ALGORITHM OF bam2ssj

1) Sort genomic coordinates of exon boundaries (the first and the last numcleotides of the exon) by position and thore them in an array, separate for each of ref_id and strand.
   For instance, for 22 human chromosomes there will be 44 such ordered arrays.
2) Each array gets a non-decreasing pointer which is set to the first element of each array initially.
3) Read sorted BAM file sequentially. 
4) For each newcoming read, look up the arrays with the appropriate ref_id.
5) For each strand (+ or -), increment the pointer of the corresponding array until the exon boundary to which it points is to the right of the start of the read (since there are two strands, and each read can be in 'correct' and 'incorrect' orientation with respect to the strand, you have to run it for each of the two strands).

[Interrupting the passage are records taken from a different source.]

(* Let $\mathcal{C} \subseteq \mathcal{L}(M_n)$ be a right-CP-invariant convex cone. Then for a linear map $\Psi: M_n\to M_n$, we have $\Psi^{\dagger} \circ \Phi \in \mathcal{CP}(M_n)$ for all $\Phi \in \mathcal{C}$ if and only if $\Psi \in \mathcal{C}^{\circ}$.
   Context: $M_n$ is the space of $n\times n$ complex matrices, $\mathcal{L}(M_n)$ the space of linear maps $M_n\to M_n$, and $\mathcal{CP}(M_n)$ the cone of completely positive maps on $M_n$. For $\Phi\in\mathcal L(M_n)$, $\Phi^\dagger$ is the linear map with $\mathrm{Tr}(\Phi(X)Y)=\mathrm{Tr}(X\Phi^\dagger(Y))$ for all $X,Y\in M_n$. With $\{\mathbf e_i\}$ the standard basis of $\mathbb{C}^n$ and $E=\sum_{i,j=1}^n \mathbf e_i\mathbf e_j^*\otimes\mathbf e_i\mathbf e_j^*$, the Choi matrix of $\Phi$ is $C_\Phi = (\mathrm{id}_n\otimes\Phi)(E)$. The dual cone of a cone $\mathcal C\subseteq\mathcal L(M_n)$ is $\mathcal{C}^\circ = \{\Psi\in\mathcal L(M_n) : \mathrm{Tr}(C_\Phi C_\Psi)\ge 0 \text{ for all }\Phi\in\mathcal C\}$. A cone $\mathcal C\subseteq\mathcal L(M_n)$ is right-CP-invariant if $\Omega\circ\Psi\in\mathcal C$ whenever $\Omega\in\mathcal C$ and $\Psi\in\mathcal{CP}(M_n)$. *)

(* Complex numbers are modelled by algC (algebraic complex
   numbers, a numClosedFieldType); M_n is 'M[algC]_n. *)
From HB Require Import structures.
From mathcomp Require Import all_boot all_order all_algebra.
From mathcomp Require Import algC.
Set Implicit Arguments. Unset Strict Implicit. Unset Printing Implicit Defensive.
Import Order.TTheory GRing.Theory Num.Theory.
Local Open Scope ring_scope.

Notation Mn n := 'M[algC]_n.

(* Positive semidefinite: Hermitian with nonnegative quadratic form
   (on algC, "0 <= z" means z is a nonnegative real). *)
Definition psd (m : nat) (A : 'M[algC]_m) : Prop :=
  A \is hermsymmx /\ forall x : 'cV[algC]_m, 0 <= ((map_mx Num.conj x)^T *m A *m x) 0 0.

(* M_k (x) M_n is identified with 'M_(k*n), the index (a,i) (a : 'I_k the
   outer index, i : 'I_n the inner one) being mxvec_index a i. *)
Definition pr_idx (k n : nat) (p : 'I_(k * n)) : 'I_k * 'I_n :=
  enum_val (cast_ord (esym (mxvec_cast k n)) p).

Definition blk (k n : nat) (X : 'M[algC]_(k * n)) (a b : 'I_k) : Mn n :=
  \matrix_(i, j) X (mxvec_index a i) (mxvec_index b j).

Definition ampl (k n : nat) (Phi : Mn n -> Mn n) (X : 'M[algC]_(k * n))
  : 'M[algC]_(k * n) :=
  \matrix_(p, q) Phi (blk X (pr_idx p).1 (pr_idx q).1) (pr_idx p).2 (pr_idx q).2.

Definition CP (n : nat) (Phi : Mn n -> Mn n) : Prop :=
  linear Phi /\
  forall (k : nat) (X : 'M[algC]_(k * n)), psd X -> psd (ampl Phi X).

(* E = sum_{i,j} e_i e_j^H (x) e_i e_j^H in M_n (x) M_n *)
Definition Emax (n : nat) : 'M[algC]_(n * n) :=
  \matrix_(p, q) (((pr_idx p).1 == (pr_idx p).2)
                  && ((pr_idx q).1 == (pr_idx q).2))%:R.

Definition choi (n : nat) (Phi : Mn n -> Mn n) : 'M[algC]_(n * n) :=
  ampl Phi (Emax n).
(* Let $\Omega$ be a region of $\mathcal{C}^*_{n,A}$ ($n\ge1$) and let $G_1(\Omega)$ be the graph on $[n]$ in which $\{i,j\}$ ($i\ne j$) is an edge iff $|x_i-x_j|<a_1$ for $\bm x\in\Omega$ (this does not depend on $\bm x\in\Omega$). Then $\mathrm{level}(\Omega)$ equals the number of connected components of $G_1(\Omega)$.
   Context: Let $A=\{a_1,\dots,a_m\}$ with $a_1>\dots>a_m>0$; $\mathcal{C}^*_{n,A}$ is the arrangement in $\mathbb{R}^n$ of hyperplanes $x_i-x_j=a_k$ ($i\ne j$, $1\le k\le m$); regions are connected components of the complement. The level of $X\subseteq\mathbb{R}^n$ is the smallest integer $\ell\ge0$ such that there are a linear subspace $W$ of dimension $\ell$ and $r>0$ with $X\subseteq\{\bm x:\min_{\bm y\in W}\|\bm x-\bm y\|\le r\}$. ($G_1(\Omega)$ is the incomparability graph of the interval order on $[n]$ given by $i<j$ iff $[x_i-a_1,x_i]$ lies entirely left of $[x_j-a_1,x_j]$.) *)

From HB Require Import structures.
From mathcomp Require Import all_boot all_order all_algebra.
From mathcomp Require Import all_classical all_reals all_analysis.
Import numFieldNormedType.Exports.
Set Implicit Arguments. Unset Strict Implicit. Unset Printing Implicit Defensive.
Import Order.TTheory GRing.Theory Num.Theory.
Local Open Scope classical_set_scope.
Local Open Scope ring_scope.

(* Points of R^n are row vectors 'rV[R]_n (with their canonical topology);
   coordinate i of x is x ord0 i.  The set A = {a_1 > ... > a_m} is given as
   a : 'I_m -> R, a_1 = a k0 with k0 the first index. *)

Definition arr_compl (R : realType) (n m : nat) (a : 'I_m -> R) : set 'rV[R]_n :=
  [set x | forall (i j : 'I_n) (k : 'I_m), i != j -> x ord0 i - x ord0 j != a k].

Definition is_region (R : realType) (n m : nat) (a : 'I_m -> R)
  (Om : set 'rV[R]_n) : Prop :=
  exists2 x, arr_compl a x & Om = connected_component (arr_compl a) x.

Definition edist (R : realType) (n : nat) (x y : 'rV[R]_n) : R :=
  Num.sqrt (\sum_(i < n) (x ord0 i - y ord0 i) ^+ 2).

(* X lies within distance r of the linear subspace W (the row space of the
   matrix W): min_{y in W} ||x - y|| <= r for all x in X (the min is attained). *)
Definition within_tube (R : realType) (n : nat) (X : set 'rV[R]_n)
  (W : 'M[R]_n) (r : R) : Prop :=
  forall x, X x -> exists2 y : 'rV[R]_n, (y <= W)%MS & edist x y <= r.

6) Loop up the CIGAR string and find the split coordinates, if there was 'N', or the end of the read, if there were only matches, insertions and deletions. 
7) If there was an 'N', keep looking up the elements of the ordered array from the pointer onward until you run to the right of the rightmost coordinate of the split. You might have finished earlier if you have an upper limit on the intron length or you are restricted to one gene. If you found both ends of the intron among the elements of the array, you take the leftmost one (the donor) and run through a list attached to it looking for the acceptor pair that you find. If you found the pair, increment the counter. If you haven't found the pair, add new element to the list.
8) If there were only matches, insertions and deletions in the read, it means that you got your read mapped to the genome. Starting from the pointer onward until you run to the right end of the read, take all exon boundaried which were on the way and increment their respective counters.